*** Opening DATA FOR ANALYSIS ***

Lemma is_derive_basel_primitive (m : nat) x :
  is_derive (fun t => t * cos t ^ (S (S m)) + (INR m + 2) / 2 * (t ^ 2 * sin t * cos t ^ (S m))) x
    (cos x ^ (S (S m)) + ((INR m + 2) ^ 2 / 2 * (x ^ 2 * cos x ^ (S (S m)))
                          - (INR m + 2) * (INR m + 1) / 2 * (x ^ 2 * cos x ^ m))).
Proof.
  auto_derive; [exact I |]. rewrite ?INR_S_match.
  pose proof (sin2_cos2 x) as hsc. unfold Rsqr in hsc.
  transitivity (cos x * (cos x * cos x ^ m) - x * sin x * ((INR m + 2) * (cos x * cos x ^ m))
    + (INR m + 2) / 2 * (2 * x * sin x * cos x * cos x ^ m + x * x * cos x * cos x * cos x ^ m
       - x * x * (sin x * sin x) * (INR m + 1) * cos x ^ m)); [field |].
  replace (sin x * sin x) with (1 - cos x * cos x) by lra. simpl. field.
Qed.

Lemma basel_int_rec_gen m :
  wallis_int (S (S m))
  + ((INR m + 2) ^ 2 / 2 * RInt (fun x => x ^ 2 * cos x ^ (S (S m))) 0 (PI/2)
     - (INR m + 2) * (INR m + 1) / 2 * RInt (fun x => x ^ 2 * cos x ^ m) 0 (PI/2)) = 0.
Proof.
  rewrite <- (RInt_lin_comb (fun x => x ^ 2 * cos x ^ (S (S m))) (fun x => x ^ 2 * cos x ^ m))
    by apply ex_RInt_sq_cos_pow.
  unfold wallis_int. rewrite <- RInt_Rplus;
    [| apply ex_RInt_cos_pow | apply ex_RInt_lin_comb; apply ex_RInt_sq_cos_pow].
  rewrite (RInt_is_derive _ _ 0 (PI/2) (fun x _ => is_derive_basel_primitive m x))
    by (intros; auto_derive; exact I).
  rewrite cos_PI2, sin_0, !pow_i by lia. ring.
Qed.

Lemma basel_int_rec n :
  wallis_int (S (S (2 * n)))
  + (2 * (INR n + 1) ^ 2 * basel_int (S n) - (INR n + 1) * (2 * INR n + 1) * basel_int n) = 0.
Proof.
  pose proof (basel_int_rec_gen (2 * n)) as h. rewrite INR_double in h.
  unfold basel_int. replace (2 * S n)%nat with (S (S (2 * n))) by lia.
  etransitivity; [| exact h]. field.
Qed.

*** Closing DATA FOR ANALYSIS ***

> [INSTRUCTIONS FOR THE TASK]: Go through the records line by line, and copy each line that holds the string "exact".

> [TASK RESPONSE]:
  auto_derive; [exact I |]. rewrite ?INR_S_match.
    by (intros; auto_derive; exact I).
  etransitivity; [| exact h]. field.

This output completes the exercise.